FIG. 12 is a diagram for illustrating the first strategy. As the figure illustrates, in the first strategy, when a CPU selection unit 10 receives a packet, it assigns processing of the packet to CPUs 11 to 13 so that the CPUs 11 to 13 have equal processing loads. Here, it is assumed that the CPUs 11 to 13 have the same functions. Although only the CPUs 11 to 13 are illustrated as an example here, further CPUs are assumed to be included.

FIG. 13 is a diagram for illustrating the second strategy. As the figure illustrates, in the second strategy, pipeline processing is implemented with CPUs 21 to 23, which are assigned different functions and perform processing corresponding to the respective functions.

When a packet is received, the CPU 21 performs the processing corresponding to the function a on the packet, the CPU 22 performs the processing corresponding to the function b on the packet, and the CPU 23 performs the processing corresponding to the function c on the packet. Although only the CPUs 21 to 23 are illustrated as an example here, further CPUs may be included.

Japanese Laid-Open Patent Publication No. 04-181362 discloses a technology of reducing processing overhead by connecting memory instead of by transferring data processed in a preceding stage processor to a subsequent stage processor for further processing.

SUMMARY

According to an aspect of an embodiment of the invention, a network equipment has a group of first stage computing units that perform first stage processing on a packet, and has a group of second stage computing units that perform second stage processing on a packet after the first stage processing. The network equipment assigns the first stage processing that is to be performed on the packet to a computing unit in the group of first stage computing units; generates control information for determining which computing unit in the group of second stage computing units is to be assigned the second stage processing when the computing unit in the group of first stage computing units performs the first stage processing; and determines which computing unit in the group of second stage computing units is to be assigned the second stage processing on the packet based on the control information.

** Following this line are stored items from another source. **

(* Every connected infinite graph $G$ with uniformly bounded vertex degrees and finite asymptotic dimension is weighted hyperfinite.
   Context: A graph $G$ has asymptotic dimension at most $d$ (finite $d$) if for every $r>0$ there is $R=R(r)$ and vertex-disjoint induced subgraphs $\mathcal U_1,\dots,\mathcal U_d$ of $G$ covering $V(G)$ such that for each $i$, each connected component of $\mathcal U_i$ has diameter at most $R$ and any two distinct components of $\mathcal U_i$ are at distance at least $r$ in $G$. A connected infinite bounded-degree graph $G$ is weighted hyperfinite if for every $\epsilon>0$ there is $K_\epsilon>0$ such that for every finite induced subgraph $L\subseteq G$ and every $w:V(L)\to[0,\infty)$ there is $M\subseteq V(L)$ with $\sum_{x\in M}w(x)\le\epsilon\sum_{x\in V(L)}w(x)$ such that every connected component of $L$ with $M$ deleted has at most $K_\epsilon$ vertices. *)

From Stdlib Require Import Reals List Arith.
Import ListNotations.
Open Scope R_scope.

Section Graphs.
Variable V : Type.
Variable adj : V -> V -> Prop.

Inductive walk_in (P : V -> Prop) : nat -> V -> V -> Prop :=
| walk_nil x : P x -> walk_in P 0 x x
| walk_cons n x y z : P x -> adj x y -> walk_in P n y z -> walk_in P (S n) x z.

Definition walk (n : nat) (x y : V) : Prop := walk_in (fun _ => True) n x y.

Definition simple_graph : Prop :=
  (forall x y, adj x y -> adj y x) /\ (forall x, ~ adj x x).

Definition connected_graph : Prop := forall x y, exists n, walk n x y.

Definition infinite_graph : Prop := ~ exists l : list V, forall v, In v l.

Definition degree_bounded_by (D : nat) : Prop :=
  forall v (l : list V), NoDup l -> (forall w, In w l -> adj v w) ->
    (length l <= D)%nat.

Definition bounded_degree : Prop := exists D, degree_bounded_by D.

Definition dist_le (x y : V) (n : nat) : Prop := exists m, (m <= n)%nat /\ walk m x y.

(* Asymptotic dimension at most d: for every r > 0 there are R and a partition
   of V(G) into d classes U_0..U_{d-1} (col v = i  <->  v in U_i) such that
   each component of G[U_i] has (G-)diameter <= R, and any two vertices in
   distinct components of G[U_i] are at G-distance >= r. *)
Definition asdim_at_most (d : nat) : Prop :=
  forall r : nat, (0 < r)%nat ->
  exists (R : nat) (col : V -> nat),
    (forall v, (col v < d)%nat) /\
    forall i,
      (forall x y, col x = i -> col y = i ->
         (exists n, walk_in (fun v => col v = i) n x y) -> dist_le x y R) /\
      (forall x y, col x = i -> col y = i ->
         ~ (exists n, walk_in (fun v => col v = i) n x y) ->
         forall n, walk n x y -> (r <= n)%nat).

It is to be understood that both the foregoing general description and the following detailed description are exemplary and explanatory and are not restrictive of the invention, as claimed.

BRIEF DESCRIPTION OF DRAWINGS

FIG. 1 is a diagram for illustrating the outline and the characteristics of network equipment according to an embodiment;

FIG. 2 is a functional block diagram illustrating a configuration of the network equipment according to the embodiment;

FIG. 3 is a diagram illustrating an exemplary data structure of a packet;

FIG. 4 is a diagram illustrating an exemplary data structure of control data;

FIG. 5 is a diagram illustrating an exemplary data structure of a first assignment managing table;

FIG. 6 is a diagram illustrating an exemplary data structure of a connection policy managing table;

FIG. 7 is a diagram illustrating an exemplary data structure of a second assignment managing table;

FIG. 8 is a diagram illustrating an exemplary data structure of a contents policy managing table;

FIG. 9 is a diagram illustrating an exemplary data structure of a third assignment managing table;

FIG. 10 is a diagram illustrating an exemplary data structure of a queue policy managing table;

FIG. 11 is a diagram illustrating a hardware configuration of a computer that constitutes the network equipment according to the embodiment;

FIG. 12 is a diagram for illustrating a first strategy (conventional art); and

FIG. 13 is a diagram for illustrating a second strategy (conventional art).

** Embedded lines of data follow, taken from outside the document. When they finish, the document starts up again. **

(* For every tight intersection lattice $L$, we have $\bullet(\mathrm{nti}(L))=2^{\hat 1_L}$, i.e., every subset of $\hat 1_L$ belongs to $\bullet(\mathrm{nti}(L))$.
   Context: A finite family $\mathcal{F}$ of sets is non-trivial if it is non-empty and no $X\in\mathcal{F}$ satisfies $X=\bigcup\mathcal{F}$. For such $\mathcal{F}$ and non-empty $\mathcal{T}\subseteq\mathcal{F}$, let $S_{\mathcal{T}}=\bigcap\mathcal{T}$, and let $S_\emptyset=\bigcup\mathcal{F}$. The intersection lattice of $\mathcal{F}$ is $\mathbb{L}_{\mathcal{F}}=(\{S_{\mathcal{T}}\mid\mathcal{T}\subseteq\mathcal{F}\},\subseteq)$, with greatest element $\hat 1=\bigcup\mathcal{F}$; an intersection lattice is one of this form. For $L=\mathbb{L}_{\mathcal{F}}$ and $x\in\hat 1$, let $\min_L(x)=S_{\{X\in\mathcal{F}\mid x\in X\}}$. $L$ is tight if for every $U\in L$ with $U\neq\hat 1$ there is exactly one $x\in\hat 1$ with $\min_L(x)=U$. Let $\mathrm{nti}(L)=\{U\in L\mid U\neq\hat 1\}$. For sets $A,B$, $A\,\dot\cup\,B=A\cup B$ is defined only when $A\cap B=\emptyset$, and $A\,\dot\setminus\,B=A\setminus B$ is defined only when $B\subseteq A$. For a finite family $\mathcal{G}$ of sets, $\bullet(\mathcal{G})$ is the smallest family of sets containing $\emptyset$ and every member of $\mathcal{G}$ and closed under all well-defined disjoint unions and subset complements. *)

From mathcomp Require Import all_boot.
From mathcomp Require Import boolp classical_sets cardinality.
Set Implicit Arguments. Unset Strict Implicit. Unset Printing Implicit Defensive.
Local Open Scope classical_set_scope.

Section IntersectionLattice.
Variable T : Type.

(* A finite family of sets is modelled as F : set (set T) with finite_set F. *)

Definition hat1 (F : set (set T)) : set T := \bigcup_(X in F) X.

Definition nontrivial (F : set (set T)) : Prop :=
  F !=set0 /\ forall X, F X -> X <> hat1 F.

Definition S_ (F : set (set T)) (Tf : set (set T)) : set T :=
  if `[< Tf = set0 >] then hat1 F else \bigcap_(X in Tf) X.

Definition Lset (F : set (set T)) : set (set T) :=
  [set U | exists Tf, Tf `<=` F /\ U = S_ F Tf].

Definition minL (F : set (set T)) (x : T) : set T :=
  S_ F [set X | F X /\ X x].

Definition tight (F : set (set T)) : Prop :=
  forall U, Lset F U -> U <> hat1 F ->
    exists! x, hat1 F x /\ minL F x = U.

Definition nti (F : set (set T)) : set (set T) :=
  [set U | Lset F U /\ U <> hat1 F].

Inductive bullet (G : set (set T)) : set T -> Prop :=
| bullet0 : bullet G set0
| bulletG A : G A -> bullet G A
| bulletU A B : bullet G A -> bullet G B -> A `&` B = set0 -> bullet G (A `|` B)
| bulletD A B : bullet G A -> bullet G B -> B `<=` A -> bullet G (A `\` B).

End IntersectionLattice.

From mathcomp Require Import all_boot.
From mathcomp Require Import boolp classical_sets cardinality finmap.
Set Implicit Arguments. Unset Strict Implicit. Unset Printing Implicit Defensive.
Local Open Scope classical_set_scope.

(* By tightness, x |-> minL x is injective on hat1 F, with values in the finite
   family nti F; hence hat1 F is finite and it suffices to put every singleton
   {x} into bullet (nti F), finite sets being disjoint unions of singletons.
   Every z in minL x other than x has minL z strictly contained in minL x, so by
   induction on minL x (finite sets ordered by strict inclusion) the singletons
   of minL x \ {x} are in bullet (nti F), hence so is minL x \ {x}; and since
   minL x is in nti F, so is {x} = minL x \ (minL x \ {x}). *)

Section FiniteSets.
Variable T : Type.

Lemma finite_set_proper_ind (P : set T -> Prop) :
  (forall A, finite_set A -> (forall B, B `<` A -> P B) -> P A) ->
  forall A, finite_set A -> P A.
Proof.
move: P; change T with {classic T} => P IH A fA.
suff : forall n B, finite_set B -> (#|` fset_set B| < n)%N -> P B.
  by apply=> //; exact: ltnSn.
elim=> // n IHn B fB; rewrite ltnS => cardB; apply: IH => // C [sCB nBC].
have fC := sub_finite_set sCB fB.
apply: (IHn _ fC (leq_trans _ cardB)); apply: fproper_ltn_card.
rewrite fproperEneq; apply/andP; split; last by rewrite -(fset_set_sub fC fB).
by apply/negP => /eqP /(fset_set_inj fC fB) eqCB; apply: nBC; rewrite eqCB.
Qed.

Lemma finite_set_subsets (A : set T) :
  finite_set A -> finite_set [set B | B `<=` A].
Proof.
move: A; change T with {classic T} => A fA.
apply: (@sub_finite_set _ _ ((fun X => [set` X]) @` [set` fpowerset (fset_set A)])).
  move=> B BA; have fB := sub_finite_set BA fA.
  by exists (fset_set B); rewrite ?fset_setK //= fpowersetE -fset_set_sub.
exact/finite_image/finite_fset.
Qed.

End FiniteSets.

Section Bullet.
Variables (T : Type) (G : set (set T)).

Lemma bullet_sub (E : set T) :
  (forall A, G A -> A `<=` E) -> forall A, bullet G A -> A `<=` E.
Proof.
move=> GE A; elim=> {A} [|A /GE //|A B _ AE _ BE _|A B _ AE _ _ _] //.
- by move=> y [/AE|/BE].
- by move=> y [/AE].
Qed.

Lemma bullet_finite (A : set T) :
  finite_set A -> (forall x, A x -> bullet G [set x]) -> bullet G A.
Proof.
move: A; apply: finite_set_proper_ind => A _ IH bullet_set1.
have [->|/set0P [x Ax]] := eqVneq A set0; first exact: bullet0.
rewrite -(setD1K Ax); apply: bulletU; first exact: bullet_set1.
- apply: IH => [|y [Ay _]]; last exact: bullet_set1.
  by split=> [y []//|/(_ x Ax) [_]]; apply.
- by rewrite setDIK.
Qed.

End Bullet.

Section IntersectionLatticeFacts.
Variables (T : Type) (F : set (set T)).

Lemma minLE x : hat1 F x -> minL F x = \bigcap_(X in [set X | F X /\ X x]) X.
Proof.
case=> X FX Xx; rewrite /minL /S_; case: asboolP => // E.
by have : [set X | F X /\ X x] X by []; rewrite E.
Qed.

Lemma minL_notin_hat1 x : ~ hat1 F x -> minL F x = hat1 F.
Proof.
move=> hx; rewrite /minL /S_; case: asboolP => // /eqP/set0P [X [FX Xx]].
by case: hx; exists X.
Qed.

Lemma minL_id x : hat1 F x -> minL F x x.
Proof. by move=> hx; rewrite minLE // => X []. Qed.

Lemma Lset_minL x : Lset F (minL F x).
Proof. by exists [set X | F X /\ X x]; split=> // X []. Qed.

Lemma Lset_sub_hat1 U : Lset F U -> U `<=` hat1 F.
Proof.
case=> Tf [sTfF ->]; rewrite /S_; case: asboolP => [_ //|/eqP/set0P [X TfX]].
by move=> y Ty; exists X; [exact: sTfF | exact: Ty].
Qed.

Lemma minL_sub x z : hat1 F x -> minL F x z -> minL F z `<=` minL F x.
Proof.
move=> hx Uz; have hz := Lset_sub_hat1 (Lset_minL x) Uz.
move: Uz; rewrite !minLE // => Uz y Uy X [FX Xx].
by apply: Uy; split=> //; exact: Uz.
Qed.

Lemma minL_neq_hat1 x : nontrivial F -> hat1 F x -> minL F x <> hat1 F.
Proof.
move=> [_ ntF] [X FX Xx] E; apply: (ntF X FX).
apply/seteqP; split=> [y Xy|y]; first by exists X.
by rewrite -E minLE //; [apply | exists X].
Qed.

Lemma preimage_minL_nti : nontrivial F -> minL F @^-1` nti F = hat1 F.
Proof.
move=> ntF; apply/seteqP; split=> x.
  by move=> [_]; apply: contra_notP => /minL_notin_hat1.
by move=> hx; split; [exact: Lset_minL | exact: minL_neq_hat1].
Qed.

Lemma Lset_finite : finite_set F -> finite_set (Lset F).
Proof.
move=> fF; apply: sub_finite_set (finite_image (S_ F) (finite_set_subsets fF)).
by move=> U [Tf [sTfF ->]]; exists Tf.
Qed.

Hypotheses (ntF : nontrivial F) (tF : tight F).

Lemma minL_inj : {in hat1 F &, injective (minL F)}.
Proof.
move=> x z; rewrite !in_setE => hx hz E.
have [w [_ uw]] := tF (Lset_minL x) (minL_neq_hat1 ntF hx).
by rewrite -(uw x (conj hx erefl)) (uw z (conj hz (esym E))).
Qed.

Lemma minL_proper x z : hat1 F x -> minL F x z -> z <> x ->
  minL F z `<` minL F x.
Proof.
move=> hx Uz nzx; have hz := Lset_sub_hat1 (Lset_minL x) Uz.
split=> [|sUx]; first exact: minL_sub.
apply: nzx; apply: minL_inj; rewrite ?in_setE //.
by apply/seteqP; split=> //; exact: minL_sub.
Qed.

Lemma hat1_finite : finite_set F -> finite_set (hat1 F).
Proof.
move=> fF; rewrite -preimage_minL_nti //; apply: finite_preimage.
  by rewrite preimage_minL_nti //; exact: minL_inj.
by apply: sub_finite_set (Lset_finite fF) => U [].
Qed.

Lemma bullet_nti_set1 x : finite_set F -> hat1 F x -> bullet (nti F) [set x].
Proof.
move=> fF hx; have fU : finite_set (minL F x).
  exact: sub_finite_set (Lset_sub_hat1 (Lset_minL x)) (hat1_finite fF).
suff minL_ind : forall U, finite_set U ->
    forall y, hat1 F y -> minL F y = U -> bullet (nti F) [set y].
  exact: minL_ind fU x hx erefl.
apply: finite_set_proper_ind => U finU IH {hx fU}{}x hx defU; subst U.
have -> : [set x] = minL F x `\` (minL F x `\ x).
  by rewrite setDD setIidr // => _ ->; exact: minL_id.
apply: bulletD => [||z []//].
  by apply: bulletG; split; [exact: Lset_minL | exact: minL_neq_hat1].
apply: bullet_finite => [|z [Uz nzx]]; first exact: finite_setD finU.
have hz := Lset_sub_hat1 (Lset_minL x) Uz.
exact: IH (minL_proper hx Uz nzx) z hz erefl.
Qed.

End IntersectionLatticeFacts.

Theorem fact4p8 (T : Type) (F : set (set T)) :
  finite_set F -> nontrivial F -> tight F ->
  bullet (nti F) = [set A | A `<=` hat1 F].
Proof.
move=> fF ntF tF; apply/seteqP; split=> A /=.
  by apply: bullet_sub => U [/Lset_sub_hat1].
move=> sAH; apply: bullet_finite; first exact: sub_finite_set sAH (hat1_finite ntF tF fF).
by move=> x /sAH; exact: bullet_nti_set1.
Qed.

DESCRIPTION OF EMBODIMENTS

Embodiments of the network equipment and the network processing program according to the present invention will be detailed below with reference to the drawings.

Embodiments

First, the outline and the characteristics of the network equipment according to the embodiment will be described. FIG. 1 is a diagram for illustrating the outline and the characteristics of the network equipment according to the embodiment. As the figure illustrates, the network equipment has a group of first stage computing units 40 that includes Central Processing Units (CPUs) 41 and 42 that perform first stage processing; a group of second stage computing units 50 that includes CPUs 51 to 53 that perform second stage processing after the first stage processing; a CPU selection unit 60a that assigns the first stage processing to a CPU in the group of first stage computing units 40; and a CPU selection unit 60b that assigns the second stage processing to a CPU in the group of second stage computing units 50.

Although it is illustrated that the group of first stage computing units 40 has the CPUs 41 and 42 and the group of second stage computing units 50 has the CPUs 51, 52 and 53 as an example here, it is assumed that the group of first stage computing units 40 and the group of second stage computing units 50 may each have more CPUs.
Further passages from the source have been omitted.